BRINGING THE MOVEMENTS TOGETHER
We had our first such event in Brunswick when about 75 people (half of whom were new to local protests) gathered on the town green and marched to the Bank of America on Maine Street. We stayed in front of the bank for 45 minutes as the cars streamed by along the busy street - many of them honking. We chanted and heard some words from a young man from Occupy Portland as a van load of them had come north for our event on their way to Augusta.
When we first gathered in a circle on the green several people made statements. I told folks about Bank Transfer Day (Nov 5) which was a national day to move your $$$ from the big banks to local credit unions and small community banks. The Credit Union National Association (CUNA) reports that over 650,000 people have joined credit unions in the last four weeks.

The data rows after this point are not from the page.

Lemma gamma_oidR_tree_ge (V : finType) (e : rel V) :
  is_tree e -> 2 * vc_number e + 1 <= gamma_oidR e.
Proof.
case=> -[e_sym e_irr] V_gt0 _ e_acyc.
have [f f_oidrd ->] := gamma_oidR_witness e.
have [S [mate [coverS mate_matching _ le_S]]] := forest_konig e_sym e_irr e_acyc [set: V].
have /vc_number_min : vertex_cover e S.
  by apply/forallP => u; apply/forallP => v; apply/implyP; apply: coverS; rewrite inE.
have := weight_ge_matched e_sym e_irr e_acyc f_oidrd mate_matching V_gt0; lia.
Qed.

Definition K2 : rel bool := fun a b => a != b.

Lemma K2_tree : is_tree K2.
Proof.
split.
- by split; [move=> [] [] | move=> []].
- by rewrite card_bool.
- move=> x y; have [->|nxy] := eqVneq x y; [exact: connect0 | exact: connect1].
- move=> s; rewrite /is_cycle; apply/negP => /and3P[s_gt2 /card_uniqP s_uniq _].
  by have := max_card (mem s); rewrite s_uniq card_bool leqNgt s_gt2.
Qed.

Lemma K2_gamma_oidR_le : gamma_oidR K2 <= 3.
Proof.
pose g : {ffun bool -> 'I_4} := [ffun b : bool => if b then inord 3 else inord 0].
have g_true : (g true : nat) = 3 by rewrite ffunE inordK.
have g_false : (g false : nat) = 0 by rewrite ffunE inordK.
have g_oidrd : OIDRD K2 g.
  apply/andP; split; apply/forallP => -[]; rewrite ?g_true ?g_false //=.
  - by rewrite andbT; apply/orP; left; apply/existsP; exists true; rewrite g_true.
  - by apply/forallP.
  - by apply/forallP => -[]; rewrite ?g_true ?g_false.
by apply: leq_trans (gamma_oidR_min g_oidrd) _; rewrite /weight big_bool /= g_true g_false.
Qed.

Theorem theorem5 :
  (forall (V : finType) (e : rel V),
      is_tree e -> 2 * vc_number e + 1 <= gamma_oidR e)
  /\
  (exists (V : finType) (e : rel V),
      is_tree e /\ gamma_oidR e = 2 * vc_number e + 1).
Proof.
split; first exact: gamma_oidR_tree_ge.
exists _, K2; split; first exact: K2_tree.
apply/eqP; rewrite eqn_leq (gamma_oidR_tree_ge K2_tree) andbT.
by apply: leq_trans K2_gamma_oidR_le _; have := @vc_number_gt0 _ K2 true false isT; lia.
Qed.
Lemma Fq_nonneg n u : 0 <= Fq q (S n) u.
Proof. destruct u; [simpl; lra|]. rewrite Fq_G. apply pow_le, Fq1_nonneg. Qed.

(** Bernoulli: [q^N (1 + x)^N = (1 - x^2)^N <= 1] and [(1 + x)^N >= 1 + N x >= 2]. *)
Lemma pow_Nq_le_half : q ^ Nq q <= / 2.
Proof.
  assert (HN := Nq_spec q hq). fold x in HN.
  assert (Hb := Rle_pow_lin x (Nq q) ltac:(unfold x; lra)).
  assert (Hsq : (q * (1 + x)) ^ Nq q <= 1).
  { rewrite <- (pow_O (q * (1 + x))). apply pow_le_pow_decr; [unfold x; nra|lia]. }
  rewrite Rpow_mult_distr in Hsq.
  assert (0 <= q ^ Nq q) by (apply pow_le; lra).
  apply Rmult_le_reg_r with 2; [lra|]. rewrite Rinv_l by lra. nra.
Qed.

Lemma Fq1_tail n : (Nq q <= n)%nat -> Fq1 q n <= 2 * x * q ^ n.
Proof.
  intros Hn.
  assert (q ^ n <= / 2)
    by (eapply Rle_trans; [apply pow_le_pow_decr; [lra|exact Hn]|apply pow_Nq_le_half]).
  assert (0 <= q ^ n) by (apply pow_le; lra).
  unfold Fq1, qnum. fold x.
  replace (q ^ n / ((1 - q ^ n) / x)) with (x * q ^ n / (1 - q ^ n)) by (field; unfold x; split; lra).
  apply Rmult_le_reg_r with (1 - q ^ n); [lra|]. unfold Rdiv. rewrite Rmult_assoc, Rinv_l by lra.
  assert (0 <= x * q ^ n) by (apply Rmult_le_pos; unfold x; lra). nra.
Qed.

Definition moment (b K : nat) : R := rsum (fun n => INR n ^ b * q ^ n) K.

Lemma moment_identity b K :
  x * moment (S b) K + q ^ K * INR (pred K) ^ S b =
  rsum (fun n => (INR n ^ S b - INR (pred n) ^ S b) * q ^ n) K.
Proof.
  unfold moment. induction K as [|K IH]; [simpl; ring|].
  change (rsum ?f (S K)) with (rsum f K + f K). rewrite <- IH.
  destruct K; unfold x; simpl; ring.
Qed.

Lemma moment_step b K : x * moment (S b) K <= INR (S b) * moment b K.
Proof.
  assert (H := moment_identity b K).
  assert (0 <= q ^ K * INR (pred K) ^ S b) by (apply Rmult_le_pos; apply pow_le; [lra|apply pos_INR]).
  unfold moment in *. rewrite <- (rsum_scal (INR (S b))).
  apply Rle_trans with (rsum (fun n => (INR n ^ S b - INR (pred n) ^ S b) * q ^ n) K); [lra|].
  apply rsum_le. intros n _.
  assert (Hp : 0 <= INR (pred n) <= INR n) by (split; [apply pos_INR|apply le_INR; lia]).
  assert (Hd : INR n - INR (pred n) <= 1) by (destruct n; simpl pred; [lra|rewrite S_INR; lra]).
  assert (Hs := pow_sub_le (INR n) (INR (pred n)) b Hp).
  assert (0 <= q ^ n) by (apply pow_le; lra).
  assert (0 <= INR (S b) * INR n ^ b) by (apply Rmult_le_pos; [apply pos_INR|apply pow_le, pos_INR]).
  assert (INR (S b) * INR n ^ b * (INR n - INR (pred n)) <= INR (S b) * INR n ^ b) by nra.
  apply Rmult_le_compat_r with (r := q ^ n) in Hs; [|lra].
  assert (INR (S b) * INR n ^ b * (INR n - INR (pred n)) * q ^ n <= INR (S b) * INR n ^ b * q ^ n)
    by (apply Rmult_le_compat_r; lra).
  lra.
Qed.

Lemma moment_le_fact b K : x ^ S b * moment b K <= INR (fact b).
Proof.
  induction b as [|b IH].
  - unfold moment. rewrite (rsum_ext _ (pow q)) by (intros; simpl; ring).
    simpl. rewrite Rmult_1_r. unfold x. rewrite rsum_geom.
    assert (0 <= q ^ K) by (apply pow_le; lra). lra.
  - assert (Hx : 0 < x ^ S b) by (apply pow_lt; unfold x; lra).
    assert (Hs := moment_step b K).
    replace (x ^ S (S b) * moment (S b) K) with (x ^ S b * (x * moment (S b) K)) by (simpl; ring).
    apply Rle_trans with (x ^ S b * (INR (S b) * moment b K)); [apply Rmult_le_compat_l; lra|].
    change (fact (S b)) with (S b * fact b)%nat. rewrite mult_INR.
    replace (x ^ S b * (INR (S b) * moment b K)) with (INR (S b) * (x ^ S b * moment b K)) by ring.
    apply Rmult_le_compat_l; [apply pos_INR|exact IH].
Qed.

In 2010 only 600,000 moved their accounts into credit unions all year long so this is an astounding response to the call to pull our meager resources out of the mega-banks.
“Our struggling economy is not the disease, it’s the symptom,” says CUNA. ”There is mounting evidence to prove that big banks, with their profit-at-all-costs agenda, are actually making our collective disease worse by systematically making choices that undermine the efforts of regulators and ordinary people like us to make changes and get back to a state of health.”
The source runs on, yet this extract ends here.